The University of Ottawa honours two researchers for their early career accomplishments
Posted on Thursday, March 12, 2020
Professors Constance Crompton, director of the Humanities Data Lab at the Faculty of Arts and Ebrahim Karimi, head of the Structured Quantum Optics Group at the Faculty of Science, have received the University’s Early Career Researcher of the Year Awards.
“This award recognizes the innovative and original research of professors Constance Crompton and Ebrahim Karimi, at such an early stage of their careers,” said Sylvain Charbonneau, vice-president, research. “It is a strong testament to the outstanding contributions that these two talented professors have already made to the advancement of knowledge in their respective areas of expertise.”
The Early Career Researcher of the Year Award, granted by the Office of the Vice-President, Research, recognizes excellence in research and teaching in the social sciences and humanities, and in the pure and applied sciences. The award is accompanied by a $10,000 research grant.
Digital humanities: all about the future… and the past
The emerging field of digital humanities research arises from integrating and combining technological and computational tools with traditional methods of research in the humanities.
In the age of artificial intelligence, Constance Crompton, the Canada Research Chair in Digital Humanities, builds on these new synergies to improve public access to reliable knowledge in the humanities and to bring new perspectives to humanities issues, some of which could not be addressed without computing.
“The humanities have a history of tackling complex questions that affect our societies, such as how to mitigate the impact of racism or xenophobia,” says Professor Crompton, director of the Humanities Data Lab at the Faculty of Arts. “They help us understand history and how to create change, so it is important to bring digital tools to humanities questions.”
Her team uses statistical analysis, algorithms, and graph databases to slice and recombine information, detect patterns, and visualize historical changes, social-cultural trends, and the evolution of ideas through time. For example, she brings her innovative research approach to the study of gay intellectual history and the gay liberation movement in Canada in a project with research partners Michelle Schwartz and Donald McLeod.
Her research goals, which are to improve public knowledge mobilization and access to the field of humanities, align with the purpose of her lab, which is a node in the Linked Infrastructure for Networked Cultural Scholarship (LINCS) project, a national linked data mobilization project that is based at the University Guelph and backed by the Canada Foundation for Innovation.

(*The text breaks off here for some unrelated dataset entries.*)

(* Let $\mathcal{U}=\begin{pmatrix}\mathcal{A}&\mathcal{M}\\ \mathcal{N}&\mathcal{B}\end{pmatrix}$ be a generalized matrix ring in which $\mathcal{A}$ and $\mathcal{B}$ are 2-torsion free, and let $\phi:\mathcal{U}\to\mathcal{U}$ be an additive mapping such that $\phi(U)\circ V+U\circ\phi(V)=0$ whenever $U,V\in\mathcal{U}$ satisfy $UV=VU=0$. Then $\phi(I)$ lies in the center $Z(\mathcal{U})$ of $\mathcal{U}$. In particular $P\phi(I)=\phi(I)P$ for every idempotent $P\in\mathcal{U}$.
   Context: A generalized matrix ring is built from: unital rings $\mathcal{A},\mathcal{B}$; a unital $(\mathcal{A},\mathcal{B})$-bimodule $\mathcal{M}$ which is faithful on both sides (if $A\mathcal{M}=\{0\}$ then $A=0$; if $\mathcal{M}B=\{0\}$ then $B=0$); a unital $(\mathcal{B},\mathcal{A})$-bimodule $\mathcal{N}$; and bimodule homomorphisms $\mathcal{M}\otimes_{\mathcal{B}}\mathcal{N}\to\mathcal{A}$, $\mathcal{N}\otimes_{\mathcal{A}}\mathcal{M}\to\mathcal{B}$, written $MN$, $NM$, with $(MN)M'=M(NM')$, $(NM)N'=N(MN')$. $\mathcal{U}$ is the ring of matrices $\begin{pmatrix}A&M\\N&B\end{pmatrix}$ under the usual matrix operations, with identity $I$. 2-torsion free: $2X=0\Rightarrow X=0$. $X\circ Y=XY+YX$. The center is $Z(\mathcal{U})=\{\mathrm{diag}(A,B): AM=MB,\ NA=BN \text{ for all } M\in\mathcal{M},N\in\mathcal{N}\}$. *)

From HB Require Import structures.
From mathcomp Require Import all_boot all_order all_algebra.
Set Implicit Arguments. Unset Strict Implicit. Unset Printing Implicit Defensive.
Import GRing.Theory.
Local Open Scope ring_scope.

(* Data of a generalized matrix ring (A, M, N, B):
   A, B unital rings; M an (A,B)-bimodule; N a (B,A)-bimodule;
   pairings  mn : M x N -> A,  nm : N x M -> B  (bimodule homomorphisms
   from the balanced tensor products). *)
Record GMR (A B : pzRingType) (M N : zmodType) := {
  actAM : A -> M -> M;
  actMB : M -> B -> M;
  actBN : B -> N -> N;
  actNA : N -> A -> N;
  pMN : M -> N -> A;
  pNM : N -> M -> B;
  actAM_addl : forall a a' m, actAM (a + a') m = actAM a m + actAM a' m;
  actAM_addr : forall a m m', actAM a (m + m') = actAM a m + actAM a m';
  actAM_mul : forall a a' m, actAM (a * a') m = actAM a (actAM a' m);
  actAM_1 : forall m, actAM 1 m = m;
  actMB_addl : forall m m' b, actMB (m + m') b = actMB m b + actMB m' b;
  actMB_addr : forall m b b', actMB m (b + b') = actMB m b + actMB m b';
  actMB_mul : forall m b b', actMB m (b * b') = actMB (actMB m b) b';
  actMB_1 : forall m, actMB m 1 = m;
  actM_assoc : forall a m b, actMB (actAM a m) b = actAM a (actMB m b);
  actBN_addl : forall b b' n, actBN (b + b') n = actBN b n + actBN b' n;
  actBN_addr : forall b n n', actBN b (n + n') = actBN b n + actBN b n';
  actBN_mul : forall b b' n, actBN (b * b') n = actBN b (actBN b' n);
  actBN_1 : forall n, actBN 1 n = n;
  actNA_addl : forall n n' a, actNA (n + n') a = actNA n a + actNA n' a;
  actNA_addr : forall n a a', actNA n (a + a') = actNA n a + actNA n a';
  actNA_mul : forall n a a', actNA n (a * a') = actNA (actNA n a) a';
  actNA_1 : forall n, actNA n 1 = n;
  actN_assoc : forall b n a, actNA (actBN b n) a = actBN b (actNA n a);
  pMN_addl : forall m m' n, pMN (m + m') n = pMN m n + pMN m' n;
  pMN_addr : forall m n n', pMN m (n + n') = pMN m n + pMN m n';
  pMN_bal : forall m b n, pMN (actMB m b) n = pMN m (actBN b n);
  pMN_l : forall a m n, pMN (actAM a m) n = a * pMN m n;
  pMN_r : forall m n a, pMN m (actNA n a) = pMN m n * a;
  pNM_addl : forall n n' m, pNM (n + n') m = pNM n m + pNM n' m;
  pNM_addr : forall n m m', pNM n (m + m') = pNM n m + pNM n m';
  pNM_bal : forall n a m, pNM (actNA n a) m = pNM n (actAM a m);
  pNM_l : forall b n m, pNM (actBN b n) m = b * pNM n m;
  pNM_r : forall n m b, pNM n (actMB m b) = pNM n m * b;
  pM_assoc : forall m n m', actAM (pMN m n) m' = actMB m (pNM n m');
  pN_assoc : forall n m n', actBN (pNM n m) n' = actNA n (pMN m n');
  M_faithful_l : forall a, (forall m, actAM a m = 0) -> a = 0;
  M_faithful_r : forall b, (forall m, actMB m b = 0) -> b = 0
}.

Record gmat (A B : pzRingType) (M N : zmodType) :=
  GMat { g11 : A; g12 : M; g21 : N; g22 : B }.

Section Ops.
Variables (A B : pzRingType) (M N : zmodType) (G : GMR A B M N).

Definition gadd (X Y : gmat A B M N) : gmat A B M N :=
  GMat (g11 X + g11 Y) (g12 X + g12 Y) (g21 X + g21 Y) (g22 X + g22 Y).

Definition gmul (X Y : gmat A B M N) : gmat A B M N :=
  GMat (g11 X * g11 Y + pMN G (g12 X) (g21 Y))
       (actAM G (g11 X) (g12 Y) + actMB G (g12 X) (g22 Y))
       (actBN G (g22 X) (g21 Y) + actNA G (g21 X) (g11 Y))
       (pNM G (g21 X) (g12 Y) + g22 X * g22 Y).

Definition gzero : gmat A B M N := GMat 0 0 0 0.
Definition gone : gmat A B M N := GMat 1 0 0 1.

Definition gjordan (X Y : gmat A B M N) : gmat A B M N :=
  gadd (gmul X Y) (gmul Y X).

Definition gcenter (Z : gmat A B M N) : Prop :=
  forall X, gmul Z X = gmul X Z.

End Ops.

Definition two_torsion_free (R : zmodType) : Prop :=
  forall x : R, x + x = 0 -> x = 0.

From HB Require Import structures.
From mathcomp Require Import all_boot all_order all_algebra.
Set Implicit Arguments. Unset Strict Implicit. Unset Printing Implicit Defensive.
Import GRing.Theory.
Local Open Scope ring_scope.

(* Write D(U, V) = phi(U) o V + U o phi(V); D is biadditive and vanishes on
   zero-product pairs.  For the diagonal idempotents E11, E22 the relation
   D(E11, E22) = 0 together with 2-torsion freeness makes phi(I) diagonal,
   phi(I) = diag(a, b).  For X = E12(m) the pairs (E11 + X, E22 - X) and
   (X, -X) have zero products, so expanding D(E11 + X, E22 - X) leaves
   D(E11, -X) + D(X, E22) = 0; as phi(X) + phi(-X) = 0, its (1,2) entry
   reads a m = m b.  Symmetrically n a = b n.  Faithfulness of M then puts
   diag(a, b) in the center. *)

Section GmatZmodule.
Variables (A B : pzRingType) (M N : zmodType).
Local Notation gmat := (gmat A B M N).

Definition gmat_tuple (X : gmat) := (g11 X, g12 X, g21 X, g22 X).
Definition tuple_gmat (t : A * M * N * B) : gmat := GMat t.1.1.1 t.1.1.2 t.1.2 t.2.
Lemma gmat_tupleK : cancel gmat_tuple tuple_gmat. Proof. by case. Qed.
HB.instance Definition _ := Choice.copy gmat (can_type gmat_tupleK).

Definition gopp (X : gmat) : gmat := GMat (- g11 X) (- g12 X) (- g21 X) (- g22 X).
Lemma gaddA : associative (@gadd A B M N).
Proof. by move=> [? ? ? ?] [? ? ? ?] [? ? ? ?]; congr GMat; apply: addrA. Qed.
Lemma gaddC : commutative (@gadd A B M N).
Proof. by move=> [? ? ? ?] [? ? ? ?]; congr GMat; apply: addrC. Qed.
Lemma gadd0r : left_id (gzero A B M N) (@gadd A B M N).
Proof. by move=> [? ? ? ?]; congr GMat; apply: add0r. Qed.
Lemma gaddNr : left_inverse (gzero A B M N) gopp (@gadd A B M N).
Proof. by move=> [? ? ? ?]; congr GMat; apply: addNr. Qed.
HB.instance Definition _ := GRing.isZmodule.Build gmat gaddA gaddC gadd0r gaddNr.

Lemma gaddE (X Y : gmat) : gadd X Y = X + Y. Proof. by []. Qed.
Lemma GMatD a m n b a' m' n' b' :
  GMat a m n b + GMat a' m' n' b' = GMat (a + a') (m + m') (n + n') (b + b') :> gmat.
Proof. by []. Qed.
Lemma GMat_eq0 a m n b : (GMat a m n b = 0 :> gmat) -> [/\ a = 0, m = 0, n = 0 & b = 0].
Proof. by case. Qed.
End GmatZmodule.

Section Additive.
Variables (U V : zmodType) (f : U -> V).
Hypothesis f_add : {morph f : x y / x + y}.
Lemma additive0 : f 0 = 0.
Proof. by apply: (addrI (f 0)); rewrite -f_add !addr0. Qed.
Lemma additiveN : {morph f : x / - x}.
Proof. by move=> x; apply: (addrI (f x)); rewrite -f_add !subrr additive0. Qed.
End Additive.

Section GeneralizedMatrixRing.
Variables (A B : pzRingType) (M N : zmodType) (G : GMR A B M N).
Local Notation actAM := (actAM G).
Local Notation actMB := (actMB G).
Local Notation actBN := (actBN G).
Local Notation actNA := (actNA G).
Local Notation pMN := (pMN G).
Local Notation pNM := (pNM G).

Lemma actAM0l m : actAM 0 m = 0.
Proof. exact: (additive0 (f := actAM^~ m) (fun x y => actAM_addl G x y m)). Qed.
Lemma actAM0r a : actAM a 0 = 0.
Proof. exact: additive0 (actAM_addr G a). Qed.
Lemma actMB0l b : actMB 0 b = 0.
Proof. exact: (additive0 (f := actMB^~ b) (fun x y => actMB_addl G x y b)). Qed.
Lemma actMB0r m : actMB m 0 = 0.
Proof. exact: additive0 (actMB_addr G m). Qed.
Lemma actBN0l n : actBN 0 n = 0.
Proof. exact: (additive0 (f := actBN^~ n) (fun x y => actBN_addl G x y n)). Qed.
Lemma actBN0r b : actBN b 0 = 0.
Proof. exact: additive0 (actBN_addr G b). Qed.
Lemma actNA0l a : actNA 0 a = 0.
Proof. exact: (additive0 (f := actNA^~ a) (fun x y => actNA_addl G x y a)). Qed.
Lemma actNA0r n : actNA n 0 = 0.
Proof. exact: additive0 (actNA_addr G n). Qed.
Lemma pMN0l n : pMN 0 n = 0.
Proof. exact: (additive0 (f := pMN^~ n) (fun x y => pMN_addl G x y n)). Qed.
Lemma pMN0r m : pMN m 0 = 0.
Proof. exact: additive0 (pMN_addr G m). Qed.
Lemma pNM0l m : pNM 0 m = 0.
Proof. exact: (additive0 (f := pNM^~ m) (fun x y => pNM_addl G x y m)). Qed.
Lemma pNM0r n : pNM n 0 = 0.
Proof. exact: additive0 (pNM_addr G n). Qed.

Lemma actAMNl a m : actAM (- a) m = - actAM a m.
Proof. exact: (additiveN (f := actAM^~ m) (fun x y => actAM_addl G x y m) a). Qed.
Lemma actAMNr a m : actAM a (- m) = - actAM a m.
Proof. exact: additiveN (actAM_addr G a) m. Qed.
Lemma actMBNr m b : actMB m (- b) = - actMB m b.
Proof. exact: additiveN (actMB_addr G m) b. Qed.
Lemma actNANl n a : actNA (- n) a = - actNA n a.
Proof. exact: (additiveN (f := actNA^~ a) (fun x y => actNA_addl G x y a) n). Qed.

Definition pairingE := (actAM0l, actAM0r, actMB0l, actMB0r, actBN0l, actBN0r,
  actNA0l, actNA0r, pMN0l, pMN0r, pNM0l, pNM0r,
  actAM_1 G, actMB_1 G, actBN_1 G, actNA_1 G).

Lemma gmulDl : left_distributive (gmul G) +%R.
Proof.
move=> [a m n b] [a' m' n' b'] [x u v y]; rewrite !GMatD /gmul /=.
by congr GMat; rewrite !(mulrDl, pMN_addl, actAM_addl, actMB_addl, actBN_addl,
  actNA_addl, pNM_addl) addrACA.
Qed.

Lemma gmulDr : right_distributive (gmul G) +%R.
Proof.
move=> [x u v y] [a m n b] [a' m' n' b']; rewrite !GMatD /gmul /=.
by congr GMat; rewrite !(mulrDr, pMN_addr, actAM_addr, actMB_addr, actBN_addr,
  actNA_addr, pNM_addr) addrACA.
Qed.

Lemma gjordanDl : left_distributive (gjordan G) +%R.
Proof. by move=> X Y Z; rewrite /gjordan !gaddE gmulDl gmulDr addrACA. Qed.

Lemma gjordanDr : right_distributive (gjordan G) +%R.
Proof. by move=> X Y Z; rewrite /gjordan !gaddE gmulDl gmulDr addrACA. Qed.

Definition intertwinesM (a : A) (b : B) := forall m, actAM a m = actMB m b.
Definition intertwinesN (a : A) (b : B) := forall n, actNA n a = actBN b n.

Lemma intertwinesM_commA a b : intertwinesM a b -> forall x, GRing.comm a x.
Proof.
move=> hab x; apply: subr0_eq; apply: (@M_faithful_l _ _ _ _ G) => m.
by rewrite actAM_addl actAMNl !actAM_mul !hab -actM_assoc subrr.
Qed.

Lemma intertwinesM_commB a b : intertwinesM a b -> forall y, GRing.comm b y.
Proof.
move=> hab y; apply: subr0_eq; apply: (@M_faithful_r _ _ _ _ G) => m.
by rewrite actMB_addr actMBNr !actMB_mul -!hab actM_assoc subrr.
Qed.

Lemma gcenter_diag a b :
  intertwinesM a b -> intertwinesN a b -> gcenter G (GMat a 0 0 b).
Proof.
move=> hM hN [x u v y]; rewrite /gmul /= !pairingE !addr0 !add0r.
congr GMat; first exact: intertwinesM_commA; last exact: intertwinesM_commB.
  exact: hM.
by rewrite hN.
Qed.
End GeneralizedMatrixRing.

Section ZeroProductJordan.
Variables (A B : pzRingType) (M N : zmodType) (G : GMR A B M N).
Local Notation gmat := (gmat A B M N).
Variable phi : gmat -> gmat.
Hypothesis phi_add : {morph phi : X Y / X + Y}.

Definition jordan_defect (U V : gmat) := gjordan G (phi U) V + gjordan G U (phi V).

Hypothesis phi_zero_product :
  forall U V, gmul G U V = 0 -> gmul G V U = 0 -> jordan_defect U V = 0.
Hypotheses (hA : two_torsion_free A) (hB : two_torsion_free B).

Lemma jordan_defectDl U1 U2 V :
  jordan_defect (U1 + U2) V = jordan_defect U1 V + jordan_defect U2 V.
Proof. by rewrite /jordan_defect phi_add !gjordanDl addrACA. Qed.

Lemma jordan_defectDr U V1 V2 :
  jordan_defect U (V1 + V2) = jordan_defect U V1 + jordan_defect U V2.
Proof. by rewrite /jordan_defect phi_add !gjordanDr addrACA. Qed.

Local Notation E11 := (GMat 1 0 0 0 : gmat).
Local Notation E22 := (GMat 0 0 0 1 : gmat).
Local Notation p := (phi E11).
Local Notation q := (phi E22).

Lemma jordan_defect_E11_E22 : jordan_defect E11 E22 = 0.
Proof. by apply: phi_zero_product; rewrite /gmul /= !pairingE !(mulr0, mul0r, addr0). Qed.

Lemma phiE_entries : [/\ g11 q = 0, g22 p = 0, g12 p + g12 q = 0 & g21 p + g21 q = 0].
Proof.
move: jordan_defect_E11_E22; rewrite /jordan_defect /gjordan.
case: p => p1 p2 p3 p4; case: q => q1 q2 q3 q4; rewrite /gmul /gadd /= => /GMat_eq0.
rewrite !(pairingE, mulr0, mul0r, mulr1, mul1r, addr0, add0r).
by case=> /hA -> e12 e21 /hB ->.
Qed.

Lemma phi1_diag : phi (gone A B M N) = GMat (g11 p) 0 0 (g22 q).
Proof.
have -> : gone A B M N = E11 + E22 by rewrite GMatD !(addr0, add0r).
rewrite phi_add; case: phiE_entries.
case: p => p1 p2 p3 p4; case: q => q1 q2 q3 q4 /= -> -> e12 e21.
by rewrite GMatD e12 e21 addr0 add0r.
Qed.

Lemma phi_intertwinesM : intertwinesM G (g11 p) (g22 q).
Proof.
move=> m; pose X : gmat := GMat 0 m 0 0; pose X' : gmat := GMat 0 (- m) 0 0.
have zUV : jordan_defect (E11 + X) (E22 + X') = 0.
  apply: phi_zero_product; rewrite /X /X' !GMatD /gmul /=;
  by rewrite !(pairingE, actAMNr, mulr0, mul0r, addr0, add0r, addNr).
have zXX' : jordan_defect X X' = 0.
  by apply: phi_zero_product; rewrite /X /X' /gmul /= !(pairingE, mulr0, addr0).
have phiXX' : phi X + phi X' = 0.
  by rewrite -phi_add /X /X' GMatD subrr !addr0 (additive0 phi_add).
have e12 := addr0_eq (congr1 (@g12 _ _ _ _) phiXX').
rewrite jordan_defectDl !jordan_defectDr jordan_defect_E11_E22 zXX' add0r addr0 in zUV.
move: zUV => /(congr1 (@g12 _ _ _ _)); rewrite /jordan_defect /gjordan /gmul /gadd /=.
case: phiE_entries => -> -> _ _; rewrite -e12 !(pairingE, actAMNr, add0r, addr0).
by rewrite -addrA addKr addrC => /subr0_eq ->.
Qed.

Lemma phi_intertwinesN : intertwinesN G (g11 p) (g22 q).
Proof.
move=> n; pose X : gmat := GMat 0 0 n 0; pose X' : gmat := GMat 0 0 (- n) 0.
have zUV : jordan_defect (E11 + X) (E22 + X') = 0.
  apply: phi_zero_product; rewrite /X /X' !GMatD /gmul /=;
  by rewrite !(pairingE, mulr0, mul0r, addr0, add0r, addrN).
have zXX' : jordan_defect X X' = 0.
  by apply: phi_zero_product; rewrite /X /X' /gmul /= !(pairingE, mulr0, addr0).
have phiXX' : phi X + phi X' = 0.
  by rewrite -phi_add /X /X' GMatD subrr !addr0 (additive0 phi_add).
have e21 := addr0_eq (congr1 (@g21 _ _ _ _) phiXX').
rewrite jordan_defectDl !jordan_defectDr jordan_defect_E11_E22 zXX' add0r addr0 in zUV.
move: zUV => /(congr1 (@g21 _ _ _ _)); rewrite /jordan_defect /gjordan /gmul /gadd /=.
case: phiE_entries => -> -> _ _; rewrite -e21 !(pairingE, actNANl, add0r, addr0).
by rewrite -addrA addKr addrC => /subr0_eq ->.
Qed.
End ZeroProductJordan.

Theorem lemma2p2 (A B : pzRingType) (M N : zmodType) (G : GMR A B M N)
  (hA : two_torsion_free A) (hB : two_torsion_free B)
  (phi : gmat A B M N -> gmat A B M N)
  (phi_add : forall X Y, phi (gadd X Y) = gadd (phi X) (phi Y))
  (hphi : forall U V, gmul G U V = gzero A B M N -> gmul G V U = gzero A B M N ->
            gadd (gjordan G (phi U) V) (gjordan G U (phi V)) = gzero A B M N) :
  gcenter G (phi (gone A B M N)) /\
  (forall P, gmul G P P = P ->
     gmul G P (phi (gone A B M N)) = gmul G (phi (gone A B M N)) P).
Proof.
have phi1_central : gcenter G (phi (gone A B M N)).
  rewrite (phi1_diag phi_add hphi hA hB).
  apply: gcenter_diag; [exact: phi_intertwinesM | exact: phi_intertwinesN].
by split=> // P _; rewrite phi1_central.
Qed.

As the foundation of a smarter semantic web, LINCS linked data is designed to be readable by both humans and intelligent machines. According to Professor Crompton, this trusted source of linked humanities data “will give artificial intelligence and search engines a way to access the power of the humanities in Canada.”

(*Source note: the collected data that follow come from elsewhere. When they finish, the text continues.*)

Lemma down_edge_short sc n tau p c len :
  Forall good_rect sc -> 1 <= tau -> down_edge sc n tau p c len -> short_edge tau p c len.
Proof.
  intros Hgood Htau [l [Hl ->]].
  destruct (tau_path_short _ _ _ _ _ _ _ Hgood Htau Hl); split; lra.
Qed.

Lemma sumR_app (l1 l2 : list R) : sumR (l1 ++ l2) = sumR l1 + sumR l2.
Proof. induction l1 as [|a l1 IH]; simpl; lra. Qed.

Lemma sumR_map_le {A} (f : A -> R) (c : R) (l : list A) :
  (forall x, In x l -> f x <= c) -> sumR (map f l) <= INR (length l) * c.
Proof.
  induction l as [|a l IH]; intros Hf; [simpl; lra|].
  assert (f a <= c) by (apply Hf; left; reflexivity).
  assert (sumR (map f l) <= INR (length l) * c) by (apply IH; intros; apply Hf; right; assumption).
  change (f a + sumR (map f l) <= INR (S (length l)) * c); rewrite S_INR; lra.
Qed.

Section FenceTree.

Variables (sc : scene) (n : nat) (tau : R) (k M : nat).
Variables (P : nat -> nat -> R * R) (E : nat -> nat -> R).
Hypothesis Hgood : Forall good_rect sc.
Hypothesis Htau : 1 <= tau.
Hypothesis Htree : fence_tree sc n tau k M P E.

Local Notation X i m := (fst (P i m)).

Lemma first_row_short m :
  (1 <= m < M)%nat -> short_edge tau (P 1%nat m) (P 1%nat (S m)) (E 1%nat (S m)).
Proof.
  intros Hm; destruct Htree as [_ [Hrow _]].
  pose proof (Hrow (S m) ltac:(lia)) as Hup; rewrite Nat.sub_succ, Nat.sub_0_r in Hup.
  exact (up_edge_short _ _ _ _ _ _ Hgood Htau Hup).
Qed.

Lemma first_column_short i :
  (1 <= i < k)%nat -> short_edge tau (P i 1%nat) (P (S i) 1%nat) (E (S i) 1%nat).
Proof.
  intros Hi; destruct Htree as [_ [_ [Hcol _]]].
  pose proof (Hcol (S i) ltac:(lia)) as Hdown; rewrite Nat.sub_succ, Nat.sub_0_r in Hdown.
  exact (down_edge_short _ _ _ _ _ _ Hgood Htau Hdown).
Qed.

Lemma inner_short i m :
  (1 <= i < k)%nat -> (1 <= m < M)%nat ->
  if Rlt_dec (X (S i) m) (X i (S m))
  then short_edge tau (P i (S m)) (P (S i) (S m)) (E (S i) (S m))
  else short_edge tau (P (S i) m) (P (S i) (S m)) (E (S i) (S m)).
Proof.
  intros Hi Hm; destruct Htree as [_ [_ [_ Hinner]]].
  pose proof (Hinner (S i) (S m) ltac:(lia) ltac:(lia)) as Hedge.
  rewrite !Nat.sub_succ, !Nat.sub_0_r in Hedge.
  destruct (Rlt_dec _ _).
  - exact (down_edge_short _ _ _ _ _ _ Hgood Htau Hedge).
  - exact (up_edge_short _ _ _ _ _ _ Hgood Htau Hedge).
Qed.

Lemma X_le_down i m : (1 <= i < k)%nat -> (1 <= m <= M)%nat -> X i m <= X (S i) m.
Proof.
  intros Hi Hm; destruct m as [|[|m]]; [lia | apply first_column_short; lia |].
  pose proof (inner_short i (S m) Hi ltac:(lia)) as Hedge.
  destruct (Rlt_dec _ _); destruct Hedge; lra.
Qed.

Lemma X_le_down_iter d i m :
  (1 <= i)%nat -> (i + d <= k)%nat -> (1 <= m <= M)%nat -> X i m <= X (i + d) m.
Proof.
  intros Hi Hd Hm; induction d as [|d IH]; rewrite ?Nat.add_0_r; [lra|].
  rewrite Nat.add_succ_r.
  pose proof (X_le_down (i + d) m ltac:(lia) Hm); specialize (IH ltac:(lia)); lra.
Qed.

Lemma E_le_right i m :
  (1 <= i <= k)%nat -> (1 <= m < M)%nat -> E i (S m) <= tau + 3 * tau * (X i (S m) - X i m).
Proof.
  intros Hi Hm; destruct i as [|[|i]]; [lia | apply first_row_short; lia |].
  pose proof (inner_short (S i) m ltac:(lia) Hm) as Hedge.
  (* a down-edge into P_i^(m+1) starts further right than P_i^m *)
  destruct (Rlt_dec _ _); destruct Hedge; nra.
Qed.

Lemma parent_edge_short i m :
  (1 <= i <= k)%nat -> (1 <= m <= M)%nat -> (2 < i + m)%nat ->
  (1 <= fst (parent P i m) <= k)%nat /\ (1 <= snd (parent P i m) <= M)%nat /\
  (fst (parent P i m) + snd (parent P i m) = i + m - 1)%nat /\
  short_edge tau (P (fst (parent P i m)) (snd (parent P i m))) (P i m) (E i m).
Proof.
  intros Hi Hm Him; unfold parent.
  destruct i as [|[|i]]; [lia | |]; destruct m as [|[|m]]; try lia; cbn.
  - repeat split; try lia; apply first_row_short; lia.
  - repeat split; try lia; apply first_column_short; lia.
  - pose proof (inner_short (S i) (S m) ltac:(lia) ltac:(lia)) as Hedge.
    destruct (Rlt_dec _ _); cbn; repeat split; try lia; apply Hedge.
Qed.

Lemma root_path_len_le fuel i m :
  (1 <= i <= k)%nat -> (1 <= m <= M)%nat -> (i + m <= fuel + 2)%nat ->
  root_path_len fuel P E i m <= tau * (INR i + INR m - 2) + 3 * tau * (X i m - X 1%nat 1%nat).
Proof.
  revert i m; induction fuel as [|fuel IH]; intros i m Hi Hm Hfuel.
  - replace i with 1%nat by lia; replace m with 1%nat by lia; simpl; lra.
  - cbn [root_path_len].
    destruct (andb (Nat.eqb i 1) (Nat.eqb m 1)) eqn:Hroot.
    + apply andb_prop in Hroot as [Hi1 Hm1].
      apply Nat.eqb_eq in Hi1, Hm1; subst; simpl; lra.
    + assert (Him : (2 < i + m)%nat).
      { apply Bool.andb_false_iff in Hroot as [H1 | H1]; apply Nat.eqb_neq in H1; lia. }
      destruct (parent_edge_short i m Hi Hm Him) as (Hi' & Hm' & Hsum & Hle & Hlen).
      destruct (parent P i m) as [i' m']; cbn in *.
      pose proof (IH i' m' Hi' Hm' ltac:(lia)) as Hpath.
      assert (Hcount : INR i' + INR m' + 1 = INR i + INR m).
      { rewrite <- !plus_INR, <- S_INR; f_equal; lia. }
      nra.
Qed.

Definition tree_edge_len (i m : nat) : R :=
  if andb (Nat.eqb i 1) (Nat.eqb m 1) then 0 else E i m.

Lemma row_sum_le i j :
  (1 <= i <= k)%nat -> (1 <= j <= M)%nat ->
  sumR (map (tree_edge_len i) (seq 1 j)) <= INR j * tau + 3 * tau * (X i j - X 1%nat 1%nat).
Proof.
  intros Hi; induction j as [|[|j] IH]; intros Hj; [lia| |].
  - unfold tree_edge_len; simpl.
    destruct i as [|[|i]]; [lia | simpl; lra |]; simpl.
    destruct (first_column_short (S i) ltac:(lia)) as [_ Hedge].
    pose proof (X_le_down_iter i 1 1 ltac:(lia) ltac:(lia) ltac:(lia)); simpl in *; nra.
  - rewrite seq_S, map_app, sumR_app; cbn [map sumR fold_right].
    replace (tree_edge_len i (1 + S j)) with (E i (S (S j)))
      by (unfold tree_edge_len; destruct (Nat.eqb i 1); reflexivity).
    pose proof (IH ltac:(lia)); pose proof (E_le_right i (S j) Hi ltac:(lia)).
    rewrite (S_INR (S j)); lra.
Qed.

The researcher also applies the digital humanities approach to knowledge-sharing in a number of other collaborative projects, including one on the past and future of reference work in the digital age, and another on a cultural map of Rijeka, Croatia, the European Capital of Culture for 2020.
Structured quantum light to deliver ultra-secure communications
A leading international expert on structured quantum waves, physics professor Ebrahim Karimi explores how electrons and photons, the tiniest particles of light, can be shaped to carry desired quantum wavelike properties, with a view to developing novel technologies and techniques. “Together with my team, the Structured Quantum Optics Group,” he explains, “we are passionate about exploring and studying these exciting physics problems in my state-of-the-art lab at the University of Ottawa.”
Ebrahim Karimi, the Canada Research Chair in Structured Light, and his team investigate cutting-edge ways of using light beams to perform novel quantum cryptography protocols, for example. By using structured photons, these protocols can tolerate a higher level of noise and transmit more information than conventionally possible. These protocols ensure that even quantum computer attacks could not succeed in decoding encrypted information.
Professor Karimi’s group earned international recognition when they performed the first free-space, high-dimensional, quantum cryptography experiments with structured photons above the City of Ottawa and through the Ottawa River. This was a world premiere for a promising approach to delivering ultra-secure information, one with multiple applications, including the transmission of highly sensitive government communications. This success clearly illustrated this researcher’s motto: to do great science while contributing to future technological advances.
Karimi’s research achievements in the fields of photonics and electron beams include the development of customizable devices that are now widely used to shape structured light and matter beams. The researcher also focuses on developing novel imaging techniques, with unrivalled spatial and temporal definition, to detect the dynamics of biological cells at the quantum level.
His many publications in both prestigious scientific journals and the mainstream media reflect Ebrahim Karimi’s leadership in the field and his ability to reach audiences beyond his own scientific community.